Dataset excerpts

Lemma equiv5_goeritz D E : equiv5 D E -> goeritz_rel false D E /\ (link D <-> link E).
Proof.
  induction 1 as [D E H | D | D E _ IH | D E F _ IH1 _ IH2].
  - destruct H as [H | [H | H]];
      [apply iso_step_goeritz in H | apply (five_move_goeritz Xp) in H | apply (five_move_goeritz Xn) in H];
      tauto.
  - split; [apply goeritz_rel_refl | tauto].
  - split; [apply goeritz_rel_sym | ]; tauto.
  - split; [exact (goeritz_rel_trans false false D E F (proj1 IH1) (proj1 IH2)) | tauto].
Qed.

Lemma one22_goeritz D E : one22 D E -> goeritz_rel true D E /\ link D.
Proof.
  intros [E1 [E2 [I1 [I2 H]]]].
  assert (H12 : goeritz_rel true E1 E2 /\ link E1).
  { destruct H as [H | [H | [H | H]]];
      [ apply (two_two_move_goeritz Xp) in H | apply (two_two_move_goeritz Xn) in H
      | apply (two_two_move_goeritz Xp) in H | apply (two_two_move_goeritz Xn) in H ]; auto;
      [ tauto | tauto | split; [apply goeritz_rel_sym|]; tauto .. ]. }
  destruct H12 as [H12 L1]. split; [|apply (iso_link D E1 I1), L1].
  exact (goeritz_rel_trans false true D E1 E (iso_goeritz D E1 I1)
           (goeritz_rel_trans true false E1 E2 E H12 (iso_goeritz E2 E I2))).
Qed.

Lemma chain22_goeritz n D E : chain22 n D E -> goeritz_rel (Nat.odd n) D E.
Proof.
  induction 1 as [D E H | n D E F H _ IH]; [apply iso_goeritz, H|].
  rewrite Nat.odd_succ, <- Nat.negb_odd.
  replace (negb (Nat.odd n)) with (xorb true (Nat.odd n)) by reflexivity.
  exact (goeritz_rel_trans _ _ D E F (proj1 (one22_goeritz D E H)) IH).
Qed.

Lemma chain22_link n D E : chain22 (S n) D E -> link D.
Proof. inversion 1. exact (proj2 (one22_goeritz D E0 H1)). Qed.

(** * Sums over valuations *)

Definition update (r : nat -> nat) (n v : nat) : nat -> nat := fun i => if Nat.eqb i n then v else r i.

Fixpoint vsum (n N : nat) (mu : nat -> nat) (f : (nat -> nat) -> K) : K :=
  match N with O => f mu | S N => sum5 Kvals (fun v => vsum (S n) N (update mu n v) f) end.

Definition in_range (n N : nat) (mu r : nat -> nat) : Prop :=
  (forall i, i < n \/ n + N <= i -> r i = mu i) /\ (forall i, r i < 5).

Definition zero_val : nat -> nat := fun _ => 0.

Definition val_add (r h : nat -> nat) : nat -> nat := fun i => ((r i + h i) mod 5).

Lemma sum5_unfold (f : nat -> K) :
  sum5 Kvals f = Kadd (f 0) (Kadd (f 1) (Kadd (f 2) (Kadd (f 3) (Kadd (f 4) K0)))).
Proof. reflexivity. Qed.

Lemma sum5_ext (f g : nat -> K) : (forall z, z < 5 -> f z = g z) -> sum5 Kvals f = sum5 Kvals g.
Proof. intro E. rewrite !sum5_unfold, !E by lia. reflexivity. Qed.

Lemma sum5_rotate (F : nat -> K) a : a < 5 -> sum5 Kvals (fun v => F ((v + a) mod 5)) = sum5 Kvals F.
Proof.
  intro Ha. rewrite !sum5_unfold.
  assert (a = 0 \/ a = 1 \/ a = 2 \/ a = 3 \/ a = 4) as [->|[->|[->|[->| ->]]]] by lia; simpl; ring.
Qed.

Lemma vsum_add n N mu f g : vsum n N mu (fun r => Kadd (f r) (g r)) = Kadd (vsum n N mu f) (vsum n N mu g).
Proof. revert n mu; induction N as [|N IH]; intros n mu; simpl; [reflexivity|]. rewrite !sum5_unfold, !IH. ring. Qed.

Lemma vsum_scale n N mu c f : vsum n N mu (fun r => Kmul c (f r)) = Kmul c (vsum n N mu f).
Proof. revert n mu; induction N as [|N IH]; intros n mu; simpl; [reflexivity|]. rewrite !sum5_unfold, !IH. ring. Qed.

Lemma vsum_scale_r n N mu c f : vsum n N mu (fun r => Kmul (f r) c) = Kmul (vsum n N mu f) c.
Proof. revert n mu; induction N as [|N IH]; intros n mu; simpl; [reflexivity|]. rewrite !sum5_unfold, !IH. ring. Qed.

Lemma vsum_zero n N mu : vsum n N mu (fun _ => K0) = K0.
Proof. revert n mu; induction N as [|N IH]; intros n mu; simpl; [reflexivity|]. rewrite !sum5_unfold, !IH. ring. Qed.

Lemma Kconj_vsum n N mu f : Kconj (vsum n N mu f) = vsum n N mu (fun r => Kconj (f r)).
Proof.
  revert n mu; induction N as [|N IH]; intros n mu; simpl; [reflexivity|].
  rewrite !sum5_unfold, !Kconj_add, !IH. reflexivity.
Qed.

Lemma update_lt r n v : (forall i, r i < 5) -> v < 5 -> forall i, update r n v i < 5.
Proof. intros H Hv i. unfold update. destruct (Nat.eqb i n); auto. Qed.

Lemma in_range_update n N mu v r : in_range (S n) N (update mu n v) r -> in_range n (S N) mu r.
Proof.
  intros [R1 R2]. split; auto. intros i Hi. rewrite R1 by lia. unfold update.
  destruct (Nat.eqb_spec i n); [lia | reflexivity].
Qed.

Lemma vsum_ext n N mu f g : (forall i, mu i < 5) ->
  (forall r, in_range n N mu r -> f r = g r) -> vsum n N mu f = vsum n N mu g.
Proof.
  revert n mu; induction N as [|N IH]; intros n mu Hmu E; simpl.
  - apply E. split; auto.
  - apply sum5_ext. intros z Hz. apply IH; [apply update_lt; auto|].
    intros r R. apply E, (in_range_update _ _ _ z), R.
Qed.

> **Your instructions**
The answer must be the full data, repeated word for word.

> **Output for this exercise**
Lemma equiv5_goeritz D E : equiv5 D E -> goeritz_rel false D E /\ (link D <-> link E).
Proof.
  induction 1 as [D E H | D | D E _ IH | D E F _ IH1 _ IH2].
  - destruct H as [H | [H | H]];
      [apply iso_step_goeritz in H | apply (five_move_goeritz Xp) in H | apply (five_move_goeritz Xn) in H];
      tauto.
  - split; [apply goeritz_rel_refl | tauto].
  - split; [apply goeritz_rel_sym | ]; tauto.
  - split; [exact (goeritz_rel_trans false false D E F (proj1 IH1) (proj1 IH2)) | tauto].
Qed.

Lemma one22_goeritz D E : one22 D E -> goeritz_rel true D E /\ link D.
Proof.
  intros [E1 [E2 [I1 [I2 H]]]].
  assert (H12 : goeritz_rel true E1 E2 /\ link E1).
  { destruct H as [H | [H | [H | H]]];
      [ apply (two_two_move_goeritz Xp) in H | apply (two_two_move_goeritz Xn) in H
      | apply (two_two_move_goeritz Xp) in H | apply (two_two_move_goeritz Xn) in H ]; auto;
      [ tauto | tauto | split; [apply goeritz_rel_sym|]; tauto .. ]. }
  destruct H12 as [H12 L1]. split; [|apply (iso_link D E1 I1), L1].
  exact (goeritz_rel_trans false true D E1 E (iso_goeritz D E1 I1)
           (goeritz_rel_trans true false E1 E2 E H12 (iso_goeritz E2 E I2))).
Qed.

Lemma chain22_goeritz n D E : chain22 n D E -> goeritz_rel (Nat.odd n) D E.
Proof.
  induction 1 as [D E H | n D E F H _ IH]; [apply iso_goeritz, H|].
  rewrite Nat.odd_succ, <- Nat.negb_odd.
  replace (negb (Nat.odd n)) with (xorb true (Nat.odd n)) by reflexivity.
  exact (goeritz_rel_trans _ _ D E F (proj1 (one22_goeritz D E H)) IH).
Qed.

Lemma chain22_link n D E : chain22 (S n) D E -> link D.
Proof. inversion 1. exact (proj2 (one22_goeritz D E0 H1)). Qed.

(** * Sums over valuations *)

Definition update (r : nat -> nat) (n v : nat) : nat -> nat := fun i => if Nat.eqb i n then v else r i.

Fixpoint vsum (n N : nat) (mu : nat -> nat) (f : (nat -> nat) -> K) : K :=
  match N with O => f mu | S N => sum5 Kvals (fun v => vsum (S n) N (update mu n v) f) end.

Definition in_range (n N : nat) (mu r : nat -> nat) : Prop :=
  (forall i, i < n \/ n + N <= i -> r i = mu i) /\ (forall i, r i < 5).

Definition zero_val : nat -> nat := fun _ => 0.

Definition val_add (r h : nat -> nat) : nat -> nat := fun i => ((r i + h i) mod 5).

Lemma sum5_unfold (f : nat -> K) :
  sum5 Kvals f = Kadd (f 0) (Kadd (f 1) (Kadd (f 2) (Kadd (f 3) (Kadd (f 4) K0)))).
Proof. reflexivity. Qed.

Lemma sum5_ext (f g : nat -> K) : (forall z, z < 5 -> f z = g z) -> sum5 Kvals f = sum5 Kvals g.
Proof. intro E. rewrite !sum5_unfold, !E by lia. reflexivity. Qed.

Lemma sum5_rotate (F : nat -> K) a : a < 5 -> sum5 Kvals (fun v => F ((v + a) mod 5)) = sum5 Kvals F.
Proof.
  intro Ha. rewrite !sum5_unfold.
  assert (a = 0 \/ a = 1 \/ a = 2 \/ a = 3 \/ a = 4) as [->|[->|[->|[->| ->]]]] by lia; simpl; ring.
Qed.

Lemma vsum_add n N mu f g : vsum n N mu (fun r => Kadd (f r) (g r)) = Kadd (vsum n N mu f) (vsum n N mu g).
Proof. revert n mu; induction N as [|N IH]; intros n mu; simpl; [reflexivity|]. rewrite !sum5_unfold, !IH. ring. Qed.

Lemma vsum_scale n N mu c f : vsum n N mu (fun r => Kmul c (f r)) = Kmul c (vsum n N mu f).
Proof. revert n mu; induction N as [|N IH]; intros n mu; simpl; [reflexivity|]. rewrite !sum5_unfold, !IH. ring. Qed.

Lemma vsum_scale_r n N mu c f : vsum n N mu (fun r => Kmul (f r) c) = Kmul (vsum n N mu f) c.
Proof. revert n mu; induction N as [|N IH]; intros n mu; simpl; [reflexivity|]. rewrite !sum5_unfold, !IH. ring. Qed.

Lemma vsum_zero n N mu : vsum n N mu (fun _ => K0) = K0.
Proof. revert n mu; induction N as [|N IH]; intros n mu; simpl; [reflexivity|]. rewrite !sum5_unfold, !IH. ring. Qed.

Lemma Kconj_vsum n N mu f : Kconj (vsum n N mu f) = vsum n N mu (fun r => Kconj (f r)).
Proof.
  revert n mu; induction N as [|N IH]; intros n mu; simpl; [reflexivity|].
  rewrite !sum5_unfold, !Kconj_add, !IH. reflexivity.
Qed.

Lemma update_lt r n v : (forall i, r i < 5) -> v < 5 -> forall i, update r n v i < 5.
Proof. intros H Hv i. unfold update. destruct (Nat.eqb i n); auto. Qed.

Lemma in_range_update n N mu v r : in_range (S n) N (update mu n v) r -> in_range n (S N) mu r.
Proof.
  intros [R1 R2]. split; auto. intros i Hi. rewrite R1 by lia. unfold update.
  destruct (Nat.eqb_spec i n); [lia | reflexivity].
Qed.

Lemma vsum_ext n N mu f g : (forall i, mu i < 5) ->
  (forall r, in_range n N mu r -> f r = g r) -> vsum n N mu f = vsum n N mu g.
Proof.
  revert n mu; induction N as [|N IH]; intros n mu Hmu E; simpl.
  - apply E. split; auto.
  - apply sum5_ext. intros z Hz. apply IH; [apply update_lt; auto|].
    intros r R. apply E, (in_range_update _ _ _ z), R.
Qed.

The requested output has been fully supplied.